Bio-Informatics is the term comprising of two words. Bio means life. Informatics refers to develop 
methods and software tools for understanding biological data. It mainly involves processing the genetical 
information of the target person to accomplish the task or working with the genetical information to explore new 
information. 

It deals with the creation and advancement of databases, algorithms, computational and statistical 
techniques, and theory to solve formal and practical problems arising from the management and analysis of 
biological data. Application Areas of Bio Informatics include Crime Investigation, DNA Testing and Syndrome 
Test by analyzing the Chromosomes, Unique Identification of a Person. 

II. BACK GROUND OR HISTORY 

Human body is made up of cells. Each cell contains DNA which is a helical Structure of bases namely 
A, T, C, G. DNA contains about 3 billion bases and more than 99% of bases are same in all people. The 
arrangements of these bases determine the maintenance of a person. ‘A’ pairs with ‘T’ and 4 C’ pairs with ‘G\ 
Each base is attached to Sugar molecule and a phosphate molecule. Nucleotide is the combination of base and 
sugar molecule and a phosphate molecule. DNA has the tendency to replicate. Each strand of DNA in helical 
structure can serve as a pattern for duplicating sequence of bases. DNA Molecule is packaged into thread like 
structures called Chromosomes. Each cell contains 23 pair of Chromosomes. 22 pairs called autosomes look 
same in all people. 23 rd pair distinguishes the sex. A male has XY pair while the female has XX. 

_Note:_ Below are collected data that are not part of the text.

Lemma shortest_negative_cycle_chordless x s1 y s2 :
  shortest_negative_cycle (x :: s1 ++ y :: s2) -> s1 != [::] -> s2 != [::] ->
  ~~ adj x y.
Proof.
move=> short ne1 ne2; apply/negP => axy.
have [/andP[cyc_c odd_c] _] := short.
have cyc1 := graph_cycle_chordl cyc_c axy ne1.
have cyc2 : graph_cycle (y :: rcons s2 x).
  apply: (graph_cycle_chordl (s2 := s1)) ne2; last by rewrite adj_sym.
  by rewrite -(graph_cycle_rot (size (x :: s1))) -cat_cons rot_size_cat in cyc_c.
have [l1 l2] : 0 < size s1 /\ 0 < size s2 by rewrite !lt0n !size_eq0.
have even1 : ~~ odd (neg_count neg (x :: rcons s1 y)).
  by apply: shorter_cycle_even short cyc1 _; rewrite /= size_rcons size_cat /=; lia.
have even2 : ~~ odd (neg_count neg (y :: rcons s2 x)).
  by apply: shorter_cycle_even short cyc2 _; rewrite /= size_rcons size_cat /=; lia.
move/(congr1 odd): (neg_count_chord x s1 y s2).
by rewrite !oddD odd_double (negbTE even1) (negbTE even2) odd_c.
Qed.

Lemma shortest_negative_cycle_nonadjacent x0 x1 t v :
  shortest_negative_cycle (x0 :: x1 :: t) -> 2 <= size t -> v \in t ->
  ~~ adj v x0 || ~~ adj v x1.
Proof.
move=> short size_t /splitPr E; case: E short size_t => t1 [|y t2] short size_t.
  have ne1 : t1 != [::] by case: t1 {short} size_t.
  move/shortest_negative_cycle_rot1: short; rewrite rot1_cons /= rcons_cat /=.
  by move/shortest_negative_cycle_chordless => /(_ ne1 isT); rewrite adj_sym orbC => ->.
move/(shortest_negative_cycle_chordless (s1 := x1 :: t1)): short => /(_ isT isT).
by rewrite adj_sym => ->.
Qed.

(* The triangles v x0 x1, v x1 x2, v x2 x3 and the cycle v x3 ... x0 use each
   edge of x0 x1 x2 x3 ... once and each spoke v xi twice. *)
Lemma neg_count_fan v x0 x1 x2 x3 s :
  neg_count neg [:: v; x0; x1] + neg_count neg [:: v; x1; x2] +
  neg_count neg [:: v; x2; x3] + neg_count neg (v :: x3 :: rcons s x0) =
  neg_count neg [:: x0, x1, x2, x3 & s] +
  (neg v x0 + neg v x1 + neg v x2 + neg v x3).*2.
Proof.
rewrite !neg_count_cons /= !neg_walk_rcons /= last_rcons.
by rewrite (neg_sym x0 v) (neg_sym x1 v) (neg_sym x2 v) (neg_sym x3 v); lia.
Qed.

Lemma shortest_negative_cycle_nonneighbour c v :
  shortest_negative_cycle c -> 4 <= size c -> v \notin c -> ~~ all (adj v) c.
Proof.
case: c => [|x0 [|x1 [|x2 [|x3 s]]]] // short _ vc.
apply/negP => /and5P[a0 a1 a2 a3 _].
have [/and3P[uc _ cc] odd_c] := andP (proj1 short).
move: vc; rewrite !inE !negb_or => /and5P[v0 v1 v2 v3 vs].
move: uc => /= /and5P[]; rewrite !inE !negb_or.
move=> /and4P[d01 d02 d03 x0s] /and3P[d12 d13 x1s] /andP[d23 x2s] x3s us.
move: cc; rewrite /= rcons_path => /and4P[b01 b12 b23 /andP[ps bl]].
have tri x y : v != x -> v != y -> x != y -> adj v x -> adj x y -> adj v y ->
    ~~ odd (neg_count neg [:: v; x; y]).
  move=> vx vy xy vxa xya vya; apply: shorter_cycle_even short _ _ => //.
  by rewrite /graph_cycle /= !inE !negb_or vx vy xy vxa xya adj_sym vya.
have even4 : ~~ odd (neg_count neg (v :: x3 :: rcons s x0)).
  apply: shorter_cycle_even short _ _; last by rewrite /= size_rcons.
  rewrite /graph_cycle /= !inE !mem_rcons !inE !negb_or rcons_uniq size_rcons.
  rewrite v3 v0 vs x0s x3s us eq_sym d03 /= !rcons_path ps last_rcons bl a3.
  by rewrite adj_sym a0.
move/(congr1 odd): (neg_count_fan v x0 x1 x2 x3 s).
rewrite 4!oddD odd_double (negbTE even4) odd_c.
by rewrite (negbTE (tri x0 x1 v0 v1 d01 a0 b01 a1))
  (negbTE (tri x1 x2 v1 v2 d12 a1 b12 a2)) (negbTE (tri x2 x3 v2 v3 d23 a2 b23 a3)).
Qed.

End SignedCycles.

Section NonEdgeLayers.

Variables (n : nat) (adj neg : rel 'I_n).
Hypotheses (adj_sym : symmetric adj) (neg_sym : symmetric neg).

Lemma nonedge_layers_of_negative_triangle r x0 x1 x2 :
  2 <= r -> Kminus_free adj neg r.+1 -> negative_cycle adj neg [:: x0; x1; x2] ->
  exists A : {set 'I_n}, #|A| <= r /\ nonedge_layers adj A A.
Proof.
move=> r2 free /andP[cyc_c odd_c].
have /and3P[uc _ /and4P[a01 a12 a20 _]] := cyc_c.
set T := [set x in [:: x0; x1; x2]].
have clT : clique adj T.
  apply/cliqueP => x y; rewrite !inE => /or3P[]/eqP-> /or3P[]/eqP->;
    rewrite ?eqxx // => _; by rewrite // adj_sym.
have Tr : #|T| <= r.+1 by rewrite cardsE (card_uniqP uc).
have [Q [TQ clQ Qr nbQ]] := exists_maximal_clique adj_sym clT Tr.
have Qlt : #|Q| < r.+1.
  rewrite ltn_neqAle Qr andbT; apply/eqP => Qr1.
  have cycQ : is_cycle_in adj Q [:: x0; x1; x2].
    by apply: graph_cycle_in => // x xc; apply: (subsetP TQ); rewrite inE.
  by move/cliqueP: clQ => /(free Q Qr1)/(_ _ cycQ); rewrite odd_c.
exists Q; split=> //; split.
- exact: subxx.
- by move=> v; rewrite setDv inE.
- exact: nbQ.
Qed.

Lemma nonedge_layers_of_shortest_negative_cycle c :
  shortest_negative_cycle adj neg c -> 4 <= size c ->
  exists A B : {set 'I_n}, #|A| <= 2 /\ nonedge_layers adj A B.
Proof.
case: c => [|x0 [|x1 t]] // short size_c.
exists [set x0; x1], [set x in x0 :: x1 :: t]; split.
  by rewrite cards2 ltnS leq_b1.
split.
- by apply/subsetP => x; rewrite !inE => /orP[]/eqP->; rewrite eqxx ?orbT.
- move=> v; rewrite !inE negb_or => /andP[/andP[v0 v1]].
  rewrite (negbTE v0) (negbTE v1) /= => vt.
  have := shortest_negative_cycle_nonadjacent adj_sym neg_sym short size_c vt.
  case/orP => nv; apply/exists_inP; [exists x0 | exists x1];
    by rewrite ?inE ?eqxx ?orbT.
- move=> v; rewrite in_setC inE => vc.
  have /allPn[u uc nu] :=
    shortest_negative_cycle_nonneighbour adj_sym neg_sym short size_c vc.
  by apply/exists_inP; exists u; rewrite ?inE.
Qed.

Lemma exists_nonedge_layers r :
  2 <= r -> ~ balanced adj neg -> Kminus_free adj neg r.+1 ->
  exists A B : {set 'I_n}, #|A| <= r /\ nonedge_layers adj A B.
Proof.
move=> r2 unbalanced free.
have [c short] := exists_shortest_negative_cycle unbalanced.
have [/andP[/and3P[_ size_c _] _] _] := short.
case: c short size_c => [|x0 [|x1 [|x2 [|x3 s]]]] // short _.
  have [A [Ar layers]] := nonedge_layers_of_negative_triangle r2 free (proj1 short).
  by exists A, A.
have [A [B [A2 layers]]] := nonedge_layers_of_shortest_negative_cycle short isT.
by exists A, B; split=> //; apply: leq_trans A2 r2.
Qed.

End NonEdgeLayers.

Local Open Scope ring_scope.

Theorem theorem1p7 (r n : nat) (adj neg : rel 'I_n) :
  (2 <= r)%N -> (1 <= n)%N ->
  signed_graph adj neg ->
  ~ balanced adj neg ->
  Kminus_free adj neg r.+1 ->
  (num_edges adj)%:Z <= ((n * (n - 1))%N %/ 2)%:Z - (n%:Z - r%:Z).
Proof.
move=> r2 _ [adj_sym [_ neg_sym]] unbalanced free.
have [A [B [Ar layers]]] := exists_nonedge_layers adj_sym neg_sym r2 unbalanced free.
have := num_edges_nonedge_layers adj_sym layers.
have := cardsC A; rewrite card_ord.
lia.
Qed.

Genes are made of DNA. Genes contain information needed to make functional molecules called 
proteins. Genes play an important role in the production of proteins. The below are the two major steps in 
protein building. 

Transcription: 

The information stores in gene’s DNA is transferred to similar molecule called RNA in cell nucleus. 
Now this Messenger RNA (m-RNA) that carries information for making a protein carries information from out 
of the nucleus into cytoplasm. 

Translation: 

It takes place in Cytoplasm. m-RNA interacts with specialized complex called ribosome that reads 
sequence of m-RNA bases. Now, the energy that the human takes through food are build into amino acids. 
These amino acids are grouped together to form a protein. 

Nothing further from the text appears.